= Georgette Elgey =

French journalist (1929–2019)

Georgette Elgey (24 February 1929 – 8 October 2019) was a French journalist and historian. She was the author of Histoire de la IVe République ("History of the Fourth Republic"), published in 6 volumes from 1965 to 2012.

== Biography ==

In her autobiography Toutes fenêtres ouvertes ("All Windows Open", 2017), Georgette Elgey wrote extensively about what she called "one of the last major upper-class scandals of the French Third Republic": her birth out of wedlock. Her father Georges Lacour-Gayet was an eminent historian, member of the Academy of Moral and Political Sciences, who was, at the time of her birth, 72 years old and a widower. Her mother Madeleine Léon, then in her mid-twenties, belonged to the Jewish upper-class – she was the great-granddaughter of Michel Lévy, France's first Jewish general. After Lacour-Gayet refused to marry her, Léon fought for years for Georgette to be officially recognised as his daughter, eventually losing in court but leaving the old man's reputation in shatters. From her father's marriage, she had three half-siblings Jacques, Thérèse and Robert Lacour-Gayet, who were considerably older than she. Robert also later became a historian.
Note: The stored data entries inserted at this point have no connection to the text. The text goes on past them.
Lemma inv_nil_equivalent_of_cok_isometric n1 n2 (M : 'M[R]_n1) (M' : 'M[R]_n2) :
  symmx M -> symmx M' -> \det M != 0 -> \det M' != 0 ->
  cok_isometric M M' -> inv_nil_equivalent M M'.
Proof.
move=> sM sM' dM dM' iso.
have [m1 [le1 [A [N splitM]]]] := inv_nil_split_exists p_prime sM.
have [m2 [le2 [A' [N' splitM']]]] := inv_nil_split_exists p_prime sM'.
have e1 : (n1 - m1 + m1)%N = n1 by rewrite subnK.
have e2 : (n2 - m2 + m2)%N = n2 by rewrite subnK.
have dN := inv_nil_split_det e1 splitM dM.
have dN' := inv_nil_split_det e2 splitM' dM'.
have isoN : cok_isometric N N'.
  have [_ _ sN _ _] := splitM.
  apply: cok_isometric_trans (cok_isometric_sym sN dN (cok_isometric_inv_nil e1 splitM dM)) _.
  exact: cok_isometric_trans iso (cok_isometric_inv_nil e2 splitM' dM').
have [[sA uA sN redN MAN] [sA' uA' sN' redN' MAN']] := (splitM, splitM').
have em := nil_cok_isometric_dim sN dN redN sN' dN' redN' isoN; subst m2.
have [N'' [sN'' redN'' N'N'' sD intD]] := nil_cok_isometric_congr sN dN sN' dN' redN' isoN.
exists m1; split; first by rewrite leq_min le1 le2.
exists A, N, A', N''; split => //.
- by split => //; apply/(in_pZp_mxE p_prime).
- by do 3!split => //; apply/(in_pZp_mxE p_prime).
split; first exact: mxcong_congruent_dim e1 MAN.
apply: mxcong_congruent_dim e2 _.
exact: mxcong_trans MAN' (mxcong_dsum (mxcong_refl _) N'N'').
Qed.

Lemma stably_congruent_of_inv_nil_equivalent n1 n2 (M : 'M[R]_n1) (M' : 'M[R]_n2) :
  \det M != 0 -> inv_nil_equivalent M M' -> stably_congruent M M'.
Proof.
move=> dM [m [le_m [A [N [A' [N' [[sA uA] [sN pN] [sA' [uA' _]] [sD intD] [MAN M'AN']]]]]]]].
have e1 : (n1 - m + m)%N = n1 by move: le_m; rewrite leq_min => /andP [? _]; rewrite subnK.
have redN : map_mx red N = 0 by apply/(in_pZp_mxE p_prime).
have dN : \det N != 0.
  by apply: (inv_nil_split_det (A := A) e1 _ dM); split => //; apply: congruent_dim_mxcong.
have [S eS] := in_Zp_mxP intD.
have sS : S^T = S by apply: mxQp_inj; rewrite mxQp_tr -eS.
have [R1 [R2 [sR1 uR1 sR2 uR2 NR]]] := nil_stably_congruent p_prime sN sS redN dN eS.
exists (n1 + n2 + m)%N; split; first by rewrite geq_max; apply/andP; split; lia.
have e : ((n2 - m) + (m + m))%N = (n1 + n2 + m - n1)%N by lia.
have e' : ((n1 - m) + (m + m))%N = (n1 + n2 + m - n2)%N by lia.
exists (castmx (e, e) (A' \oplus R1)), (castmx (e', e') (A \oplus R2)); split.
- exact/trmx_castmx_sym/trmx_dsum_sym.
- by rewrite unitmx_castmx unitmx_dsum uA' uR1.
- exact/trmx_castmx_sym/trmx_dsum_sym.
- by rewrite unitmx_castmx unitmx_dsum uA uR2.
have ee : (n1 + n2 + m - n2 + n2)%N = (n1 + n2 + m - n1 + n1)%N by lia.
apply: (mxcong_congruent_dim ee).
have [MAN0 M'AN'0] := (congruent_dim_mxcong MAN, congruent_dim_mxcong M'AN').
apply: mxcong_trans (mxcong_dsum (mxcong_sym (mxcong_castmx _ _)) MAN0) _.
apply: mxcong_trans (mxcong_dsumC _ _) _.
apply: mxcong_trans (mxcong_dsumACA _ _ _ _) _.
apply: mxcong_trans (mxcong_dsum (mxcong_refl _) (mxcong_trans NR (mxcong_dsumC _ _))) _.
apply: mxcong_trans (mxcong_dsumACA _ _ _ _) _.
exact: mxcong_dsum (mxcong_castmx _ _) (mxcong_sym M'AN'0).
Qed.

Lemma cok_isometric_of_stably_congruent n1 n2 (M : 'M[R]_n1) (M' : 'M[R]_n2) :
  symmx M -> \det M != 0 -> \det M' != 0 ->
  stably_congruent M M' -> cok_isometric M M'.
Proof.
move=> sM dM dM' [n [_ [C [C' [_ uC _ uC' CM]]]]].
have dCM : \det (C \oplus M) != 0 by rewrite det_ublock mulf_neq0 // unitmx_det_neq0.
apply: cok_isometric_trans (cok_isometric_sym sM dM (cok_isometric_drop uC dM)) _.
apply: cok_isometric_trans (cok_isometric_mxcong dCM (congruent_dim_mxcong CM)) _.
exact: cok_isometric_drop uC' dM'.
Qed.

End Equivalences.

Unset Implicit Arguments. Set Strict Implicit.

Theorem mainTheorem4 (p : nat) (pp : prime p) (n1 n2 : nat)
  (hn1 : (0 < n1)%N) (hn2 : (0 < n2)%N)
  (M : 'M[padic_int p]_n1) (M' : 'M[padic_int p]_n2)
  (sM : symmx M) (sM' : symmx M') (dM : \det M != 0) (dM' : \det M' != 0) :
  [<->
   (* (i) *)
   cok_isometric M M';
   (* (ii) *)
   exists m : nat, (m <= minn n1 n2)%N /\
     exists (A : 'M[padic_int p]_(n1 - m)) (N : 'M[padic_int p]_m)
            (A' : 'M[padic_int p]_(n2 - m)) (N' : 'M[padic_int p]_m),
       [/\ symmx A /\ A \in unitmx,
           symmx N /\ in_pZp_mx N,
           symmx A' /\ A' \in unitmx /\ symmx N' /\ in_pZp_mx N',
           symmx (invmx (mxQp N) - invmx (mxQp N')) /\
             in_Zp_mx (invmx (mxQp N) - invmx (mxQp N')) &
           congruent_dim M (block_mx A 0 0 N) /\
           congruent_dim M' (block_mx A' 0 0 N')];
   (* (iii) *)
   exists n : nat, (maxn n1 n2 <= n)%N /\
     exists (C : 'M[padic_int p]_(n - n1)) (C' : 'M[padic_int p]_(n - n2)),
       [/\ symmx C, C \in unitmx, symmx C', C' \in unitmx &
           congruent_dim (block_mx C 0 0 M) (block_mx C' 0 0 M')]].
Proof.
tfae.
- exact (inv_nil_equivalent_of_cok_isometric pp sM sM' dM dM').
- exact (stably_congruent_of_inv_nil_equivalent pp dM).
- exact (cok_isometric_of_stably_congruent sM dM dM').
Qed.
Madeleine Léon was a convert to Roman Catholicism and Elgey was baptised as a child; yet, because of their Jewish roots, mother and daughter had to flee Paris and live in hiding during the occupation of France by Nazi Germany. After the war, Elgey studied stenography and worked as a secretary at a school of journalism. She started attending the school's classes and, although she never graduated, she caught the attention of the school's director Jacques Kayser, who introduced her to the historian Robert Aron. Through Aron, Elgey landed her first journalist assignments at La NEF, a magazine he directed alongside Lucie Faure. It was then she chose the nom-de-plume Georgette Elgey, from the French pronunciation of her father's initials, L.G.

Elgey also made her first steps as a historian thanks to Aron, whom she assisted in the writing of his Histoire de Vichy ("History of Vichy"), published in 1954. She worked as a journalist at L'Express and Paris-Presse and was editor-in-chief at Le Nouveau Candide, a magazine she helped launch in 1961. She however quit journalism in 1962 because, in her own words, she could not be "true to herself" in a line of work that required "too many compromises".

On the advice of Roger Stéphane, she then started working on what was to become her magnum opus, a history of the French Fourth Republic adequately titled Histoire de la IVe République. Published in the 1960s, the first two volumes were well received, with praise directed at Elgey's innovative use of oral testimonies in her historical research. Histoire de la IVe République took almost 50 years to complete, with the sixth and final volume published in 2012. In the 1970s, Elgey also worked as a senior editor for her publisher, Fayard, and after François Mitterrand was elected President of France in 1981, she joined his team as a technical adviser, in charge of the presidency's archives. From 2007 to 2016, she headed France's Conseil supérieur des archives ("Higher Archives Council"). She was made Commander of the Legion of Honour in 2009.